Leider finde ich im Internet kein Beispiel, wie ich den String genau anpassen muss - reinschreiben muss, um ssl=require oder ssl=authenticate zu verwenden!?

Kann mir vll. jemand diesbezüglich weiterhelfen?

Danke vielmals!


----------



## Niki (17. Okt 2012)

probier mal folgendes aus:

jdbc treiber: jtds-1.2.6.jar

driver: net.sourceforge.jtds.jdbc.Driver
url: jdbc:jtds:sqlserver://<HOST>:1433;DatabaseName=<DB_NAME>;ssl=require

eventuell brauchst du dann noch dieses system property (hängt vom JDK ab):

jsse.enableCBCProtection=false


----------



## turtle (17. Okt 2012)

Versuch mal den FQDN.


----------



## homer65 (17. Okt 2012)

byron1778 hat gesagt.:


> Leider finde ich im Internet kein Beispiel, wie ich den String genau anpassen muss - reinschreiben muss, um ssl=require oder ssl=authenticate zu verwenden!?

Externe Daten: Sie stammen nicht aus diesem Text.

Lemma shortcut x p : path adj x p -> exists p',
  [/\ path adj x p', last x p' = last x p, uniq (x :: p'),
      links x p' \subset links x p & walk_weight x p' <= walk_weight x p].
Proof.
elim/last_ind: p => [|p y IH]; first by exists [::].
rewrite -cats1 cat_path /= andbT => /andP [hp hy].
have [p' [hp' lastp' up' sub' le'] ] := IH hp.
have sub_p : links x p \subset links x (p ++ [:: y]) by rewrite links_cat subsetUl.
have le_p : walk_weight x p <= walk_weight x (p ++ [:: y]).
  by rewrite walk_weight_cat lerDl walk_weight_ge0 //= hy.
case yp': (y \in x :: p').
  case/splitPl: yp' hp' up' sub' le' => p1 p2 lastp1 hp12 up12 sub12 le12.
  have [hp1 hp2] : path adj x p1 /\ path adj y p2.
    by apply/andP; move: hp12; rewrite cat_path lastp1.
  have up1 : uniq (x :: p1) by move: up12; rewrite -cat_cons cat_uniq => /andP [].
  exists p1; split=> //; first by rewrite last_cat.
    by rewrite (subset_trans _ sub_p) // (subset_trans _ sub12) // links_cat subsetUl.
  rewrite (le_trans _ le_p) // (le_trans _ le12) // walk_weight_cat lerDl.
  by rewrite lastp1 walk_weight_ge0.
exists (p' ++ [:: y]); split.
- by rewrite cat_path hp' lastp' /= hy.
- by rewrite !last_cat.
- by rewrite -[_ && _]/(uniq (x :: p' ++ [:: y])) cats1 -rcons_cons rcons_uniq yp'.
- by rewrite !links_cat lastp' setSU.
- by rewrite !walk_weight_cat lastp' lerD2r.
Qed.

Lemma shortest_walk s t l : weight_shortest adj w s t l ->
  forall l', path adj s l' -> last s l' = t -> walk_weight s l <= walk_weight s l'.
Proof.
move=> [/and3P [_ _ ul] lmin] l' hl' lastl'.
have [l'' [hl'' lastl'' ul'' _ le'']] := shortcut hl'.
have simple'' : simple_path adj s t l''.
  by rewrite /simple_path hl'' ul'' lastl'' lastl' eqxx.
by rewrite -pweight_uniq // (le_trans (lmin _ simple'')) // pweight_uniq.
Qed.

End WalkWeight.

Lemma crossed_links_meet (T : finType) (A C : bool -> {set T}) (M : {set T}) (e : T)
    (i j : bool) :
  (forall b, [disjoint A b & C b]) ->
  (forall b, e \notin A b :|: C b) ->
  (forall b, [disjoint M & A b :|: (e |: C b)]) ->
  (A i :|: M :|: C j) :&: (A (~~ i) :|: (e |: C (~~ j)))
    \subset (A true :|: (e |: C true)) :&: (A false :|: (e |: C false)) :\ e.
Proof.
move=> dAC eAC dM; apply/subsetP => f.
have nAC b : ~~ ((f \in A b) && (f \in C b)).
  by apply/andP => -[fA]; rewrite (disjointFr (dAC b) fA).
have nM b : ~~ ((f \in M) && (f \in A b :|: (e |: C b))).
  by apply/andP => -[fM]; rewrite (disjointFr (dM b) fM).
have fe : f == e ->
    ~~ ((f \in A true) || (f \in C true)) && ~~ ((f \in A false) || (f \in C false)).
  by move/eqP ->; rewrite -!in_setU !eAC.
move: (nAC true) (nAC false) (nM true) (nM false) fe; rewrite !inE.
case: i j => [] [];
  move: (f == e) (f \in M) (f \in A true) (f \in A false) (f \in C true) (f \in C false);
  by case; case; case; case; case; case.
Qed.

Section Crossing.

Variables (R : numDomainType) (V : finType) (adj : rel V) (w : V * V -> R).

(* The paths q_b = a b ++ v :: c b, for b : bool, both use the link (u, v); the walk
   a i ++ v :: c j combines the first half of q_i with the second half of q_j. *)
Variables (s t u v : V) (a c : bool -> seq V).
Hypothesis simple_halves : forall b, simple_path adj s t (a b ++ v :: c b).
Hypothesis last_a : forall b, last s (a b) = u.

Local Notation W := (walk_weight w).

Lemma halves_path b : [/\ path adj s (a b), adj u v, path adj v (c b) & last v (c b) = t].
Proof.
have /and3P [] := simple_halves b.
by rewrite cat_path last_cat last_a /= => /and3P [-> -> ->] /eqP.
Qed.

Lemma halves_disjoint b z : z \in s :: a b -> z \in v :: c b -> False.
Proof.
have /and3P [_ _] := simple_halves b.
by rewrite -cat_cons cat_uniq => /and3P [_ /hasPn disj _] za /disj; rewrite za.
Qed.

Lemma links_crossed i j :
  links s (a i ++ v :: c j) = links s (a i) :|: ((u, v) |: links v (c j)).
Proof. by rewrite links_cat last_a links_cons. Qed.

Lemma crossed_walk i j : path adj s (a i ++ v :: c j) /\ last s (a i ++ v :: c j) = t.
Proof.
have [pai uv _ _] := halves_path i; have [_ _ pcj lcj] := halves_path j.
by rewrite cat_path last_cat last_a /= pai uv pcj.
Qed.

Lemma walk_weight_crossed_swap i j :
  W s (a i ++ v :: c j) + W s (a (~~ i) ++ v :: c (~~ j)) =
  W s (a true ++ v :: c true) + W s (a false ++ v :: c false).
Proof.
rewrite !walk_weight_cat !last_a !walk_weight_cons.
by case: i; case: j => //=; ring.
Qed.

Lemma halves_links_disjoint b : [disjoint links s (a b) & links v (c b)].
Proof.
rewrite disjoint_subset; apply/subsetP => f /mem_links [_ fa]; rewrite inE.
apply/negP => /mem_links [_ fc].
by apply: (halves_disjoint (b := b) (z := f.2)); rewrite inE ?fa ?fc orbT.
Qed.

Lemma link_notin_halves b : (u, v) \notin links s (a b) :|: links v (c b).
Proof.
rewrite in_setU negb_or; apply/andP; split; apply/negP => /mem_links [/= hu hv].
  by apply: (halves_disjoint (b := b) (z := v)); rewrite !inE ?hv ?eqxx ?orbT.
apply: (halves_disjoint (b := b) (z := u)); first by rewrite -(last_a b) mem_last.
exact: mem_belast hu.
Qed.

Lemma detour_walk i j a' a'' c' c'' : a i = a' ++ a'' -> c j = c' ++ c'' ->
  path adj (last s a') (a'' ++ v :: c') /\ last (last s a') (a'' ++ v :: c') = last v c'.
Proof.
move=> ea ec; have [pai uv _ _] := halves_path i; have [_ _ pcj _] := halves_path j.
have la := last_a i; rewrite ea last_cat in la.
move: pai pcj; rewrite ea ec !cat_path => /andP [_ pa''] /andP [pc' _].
by rewrite last_cat la /= uv pa'' pc'.
Qed.

Lemma reroute_crossed i j a' a'' c' c'' m :
  a i = a' ++ a'' -> c j = c' ++ c'' ->
  path adj (last s a') m -> last (last s a') m = last v c' ->
  W (last s a') m <= W (last s a') (a'' ++ v :: c') ->
  [/\ path adj s (a' ++ m ++ c''), last s (a' ++ m ++ c'') = t,
      links s (a' ++ m ++ c'') \subset
        links s (a i) :|: links (last s a') m :|: links v (c j)
    & W s (a' ++ m ++ c'') <= W s (a i ++ v :: c j)].
Proof.
move=> ea ec pm lm le_m; have [_ ldet] := detour_walk ea ec.
have ecw : a i ++ v :: c j = a' ++ (a'' ++ v :: c') ++ c'' by rewrite ea ec -!catA.
have [pcw lcw] := crossed_walk i j; rewrite ecw in pcw lcw *.
have [pr1 lr1] := path_splice pcw pm (etrans lm (esym ldet)).
split=> //; first by rewrite lr1.
  rewrite links_cat3 lm ea ec !links_cat; apply/subsetP => f.
  by rewrite !inE => /orP [/orP [] | ] ->; rewrite ?orbT.
by rewrite !walk_weight_cat3 lm ldet lerD2r lerD2l.
Qed.

Let X := [pred z | [exists b, z \in s :: a b]].
Let Y := [pred z | [exists b, z \in v :: c b]].

Lemma links_between_avoid_halves (M : {set V * V}) b :
  (forall f, f \in M -> ~~ Y f.1 /\ ~~ X f.2) -> (u, v) \notin M ->
  [disjoint M & links s (a b ++ v :: c b)].
Proof.
move=> hM eM; rewrite disjoint_subset; apply/subsetP => f fM; rewrite inE.
have [/existsPn notY /existsPn notX] := hM f fM.
rewrite links_crossed in_setU in_setU1; apply/negP.
case/or3P=> [/mem_links [_ fa] | /eqP ef | /mem_links [fc _]].
- by move: (notX b); rewrite inE fa orbT.
- by move: eM; rewrite -ef fM.
- by move: (notY b); rewrite (mem_belast fc).
Qed.

Lemma crossing_bypass l :
  path adj s l -> last s l = t ->
  (forall l', path adj s l' -> last s l' = t -> W s l <= W s l') ->
  (u, v) \notin links s l ->
  exists r1 r2, [/\ path adj s r1 /\ last s r1 = t, path adj s r2 /\ last s r2 = t,
    links s r1 :&: links s r2 \subset
      links s (a true ++ v :: c true) :&: links s (a false ++ v :: c false) :\ (u, v)
    & W s r1 + W s r2 <= W s (a true ++ v :: c true) + W s (a false ++ v :: c false)].
Proof.
move=> pl ll lmin el.
have Xs : X s by apply/existsP; exists true; rewrite mem_head.
have Yt : Y (last s l).
  have [_ _ _ lc] := halves_path true.
  by apply/existsP; exists true; rewrite ll -lc mem_last.
have [l1 [m [l3 [def_l /existsP [i xi] /existsP [j yj] hm]]]] := segment_between Xs Yt.
have [a' [a'' [ea xa']]] := split_at_mem xi.
have [c' [c'' [ec yc']]] := split_at_mem yj.
subst l; have pm : path adj (last s l1) m by move: pl; rewrite !cat_path => /and3P [].
have le_m : W (last s l1) m <= W (last s l1) (a'' ++ v :: c').
  have [pd ld] := detour_walk ea ec; rewrite xa' in pd ld.
  have [pl' ll'] := path_splice (p2 := l3) (m' := m) pl pd (etrans ld yc').
  have := lmin _ pl'; rewrite ll' ll !walk_weight_cat3 ld yc' => /(_ erefl).
  by rewrite lerD2r lerD2l.
rewrite -xa' in pm le_m yc' hm.
have [pr1 lr1 links_r1 le_r1] := reroute_crossed ea ec pm (esym yc') le_m.
have [pr2 lr2] := crossed_walk (~~ i) (~~ j).
exists (a' ++ m ++ c''), (a (~~ i) ++ v :: c (~~ j)); split => //.
  rewrite !links_crossed (subset_trans (setISS links_r1 (subxx _))) //.
  apply: (crossed_links_meet (A := fun b => links s (a b)) (C := fun b => links v (c b)))
    => [b | b | b]; first exact: halves_links_disjoint.
    exact: link_notin_halves.
  rewrite -links_crossed; apply: links_between_avoid_halves hm _.
  by apply: contra el => uvm; rewrite links_cat3 -xa' !in_setU uvm orbT.
by rewrite -(walk_weight_crossed_swap i j) lerD2r.
Qed.

End Crossing.

Lemma critical_link_bypass (R : numDomainType) (V : finType) (adj : rel V)
    (w : V * V -> R) (s t : V) (q1 q2 l : seq V) (e : V * V) :
  (forall x y, adj x y -> 0 <= w (x, y)) ->
  simple_path adj s t q1 -> simple_path adj s t q2 -> e \in critical s q1 q2 ->
  weight_shortest adj w s t l -> e \notin links s l ->
  exists r1 r2, [/\ simple_path adj s t r1, simple_path adj s t r2,
    critical s r1 r2 \subset critical s q1 q2 :\ e
    & ct_weight w s r1 r2 <= ct_weight w s q1 q2].
Proof.
move=> w_ge0 sq1 sq2; case: e => u v; rewrite in_setI => /andP [e1 e2] hl el.
have [a1 la1 [c1 def_q1]] := links_split e1.
have [a2 la2 [c2 def_q2]] := links_split e2.
pose a b := if b then a1 else a2; pose c b := if b then c1 else c2.
have simple_halves b : simple_path adj s t (a b ++ v :: c b).
  by case: b; rewrite /= -?def_q1 -?def_q2.
have last_a b : last s (a b) = u by case: b.
have [/and3P [pl /eqP ll _] _] := hl.
have [r1 [r2 [[pr1 lr1] [pr2 lr2] crit le_r]]] :=
  crossing_bypass simple_halves last_a pl ll (shortest_walk w_ge0 hl) el.
have [r1' [pr1' lr1' ur1' sub1 le1]] := shortcut w_ge0 pr1.
have [r2' [pr2' lr2' ur2' sub2 le2]] := shortcut w_ge0 pr2.
exists r1', r2'; split.
- by rewrite /simple_path pr1' lr1' lr1 eqxx.
- by rewrite /simple_path pr2' lr2' lr2 eqxx.
- by rewrite /critical def_q1 def_q2 (subset_trans (setISS sub1 sub2)).
rewrite /ct_weight !pweight_uniq //; last by case/and3P: sq1.
  by apply: le_trans (lerD le1 le2) _; move: le_r; rewrite /= -def_q1 -def_q2.
by case/and3P: sq2.
Qed.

Laut Fehlermeldung ist der String gar nicht verkehrt, sondern der JDBC Treiber unterstützt keine Verschlüsselung. Du brauchst einen anderen JDBC Treiber.
Soweit meine Vermutungen.


----------



## byron1778 (17. Okt 2012)

Hallo Euch allen!

Danke, es war genau der Vorschlag von Niki, der zum Erfolg geführt hat!
Alle Anderen haben wir bereits ausprobiert bzw. der falsche JDBC Treiber wäre schon brutal gewesen, aber natürlich haben wir auch das in Erwägung gezogen 

Danke Euch allen, wir suchen schon seit Stunden!

Danke vielmals!

lG


----------



## Niki (18. Okt 2012)

rein aus Interesse, hat das System Property gereicht, oder habt ihr den JDBC Treiber auch ausgetauscht?

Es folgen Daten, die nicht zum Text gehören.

Lemma pext_sup_is_pext P : is_pointed_extension (pext_sup_top P).
Proof.
have eo : some_open_embedding (pext_sup_top P).
  split=> [U oU B _|V SV]; first exact: (pext_some_open_embedding B).1.
  exact: (pext_some_open_embedding pext_plus).2 (SV pext_plus (or_introl erefl)).
split; last first.
  move=> U; split=> [oU|[V [SV ->]]]; last exact: eo.2.
  by exists (Some @` U); split; [exact: eo.1 | rewrite preimage_image_some].
split.
- split; first by move=> B _; case: (pext_topology B).
  split; first by move=> B _; case: (pext_topology B) => _ [].
  split=> [U V SU SV B PB|F FS B PB].
    by case: (pext_topology B) => _ [_ [tI _]]; apply: tI; [exact: SU | exact: SV].
  by case: (pext_topology B) => _ [_ [_ tU]]; apply: tU => V /FS; apply.
- by apply: (t_hausdorff_some eo) => S cS B _; exact: pext_closed_image.
- move=> A H B PB; apply: pext_compactly_generated => K cK.
  have [C [SC AC]] := H K (t_compact_coarser (fun V SV => SV B PB) cK).
  by exists C; split => //; exact: SC.
Qed.

Definition pext_sup (P : set (pext X)) : pext X := PExt (pext_sup_is_pext P).

Lemma pext_sup_ub (P : set (pext X)) B : P B -> pext_le B (pext_sup P).
Proof. by move=> PB V SV; apply: SV; right. Qed.

Lemma pext_sup_least (P : set (pext X)) B :
  (forall B', P B' -> pext_le B' B) -> pext_le (pext_sup P) B.
Proof. by move=> H V BV B' [->|/H B'B]; [exact: pext_plus_le BV | exact: B'B BV]. Qed.

(* [V] is open in the [topL] of the closed sets meeting every closed set of
   [a] and of [b] compactly, a pointed extension finer than [a] and [b]. *)
Lemma meet_compact_trace (a b : pext X) V K M :
  (forall q, pext_le q a -> pext_le q b -> pext_top q V) -> V None ->
  t_compact (pext_top a) K -> t_compact (pext_top b) M ->
  tc (~` (Some @^-1` V) `&` (Some @^-1` K `&` Some @^-1` M)).
Proof.
move=> HV VN cK cM.
set L := Some @^-1` K; set N := Some @^-1` M.
pose Lf := [set L' | [/\ closed L',
  forall D, t_closed (pext_top a) (Some @` D) -> tc (L' `&` D) &
  forall D, t_closed (pext_top b) (Some @` D) -> tc (L' `&` D)]].
have closed_Lf L' : Lf L' -> closed L' by case.
have [_ /(_ VN) [_]] : pext_top (pext_topL closed_Lf) V.
  by apply: HV; apply: pext_topL_le => L' [].
apply; split.
- exact: closedI (closed_preimage_some cK) (closed_preimage_some cM).
- move=> D aD; rewrite setIAC.
  exact: tc_closedI (tc_preimage_some_closedI cK aD) (closed_preimage_some cM).
- move=> D bD; rewrite -setIA setIC.
  exact: tc_closedI (tc_preimage_some_closedI cM bD) (closed_preimage_some cK).
Qed.

Lemma pext_meet_sup_open (I : Type) (a T : pext X) (D : I -> pext X) V :
  pext_le T a -> pext_le T (pext_sup (range D)) -> open (Some @^-1` V) ->
  (forall i q, pext_le q a -> pext_le q (D i) -> pext_top q V) -> pext_top T V.
Proof.
move=> Ta TS oV HV.
have [VN|nVN] := pselect (V None); last first.
  by rewrite -(image_preimage_some nVN); exact: (pext_some_open_embedding T).1.
rewrite -(setC_image_some_setC_preimage VN); set C := ~` (Some @^-1` V).
have clC : closed C by rewrite closedC.
apply: closed_image_some => // K cK _; set L := Some @^-1` K.
have clL : closed L := closed_preimage_some cK.
suff clS : t_closed (pext_top (pext_sup (range D))) (Some @` (L `&` C)).
  have := tc_preimage_some_closedI (t_compact_coarser TS cK) clS.
  by rewrite setIA setIid.
move=> B [->|[i _ <-]]; first by apply: pext_plus_closed_image; exact: closedI.
apply: closed_image_some => [|M cM _]; first exact: closedI.
have -> : Some @^-1` M `&` (L `&` C) = C `&` (L `&` Some @^-1` M).
  by rewrite setIC setIA [C `&` L]setIC.
exact: meet_compact_trace (HV i) VN (t_compact_coarser Ta cK) cM.
Qed.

Wenn das Property gereicht hat, welchen JDBC Treiber verwendet ihr?


----------



## byron1778 (18. Okt 2012)

Das System Property hat ausgereicht, den JDBC - Treiber haben wir nicht ausgewechselt!
Dafür haben wir dann noch folgenden Eintrag gefunden in der Bug - Liste, vll. interessiert es dich:

Bug ID: 7103725 REGRESSION - 6u29 breaks ssl connectivity using TLS_DH_anon_WITH_AES_128_CBC_SHA

https://access.redhat.com/knowledge/solutions/66829

Danke Dir nochmals!

Ich glaube, wir hätten ewig weitersuchen müssen, bis wir da zu einer Lösung gekommen wären!


----------



## Niki (18. Okt 2012)

gern geschehen!

ja genau durch diesen bug bin ich auf das system property gestoßen. mich hat dieser fehler auch schon einige stunden gekostet, hast glück gehabt dass das bei mir noch nicht allzu lange her war ;-)


----------



## byron1778 (18. Okt 2012)

:lol:

geteiltes Leid ist halbes Leid 

das muss dann telepathie gewesen sein!


----------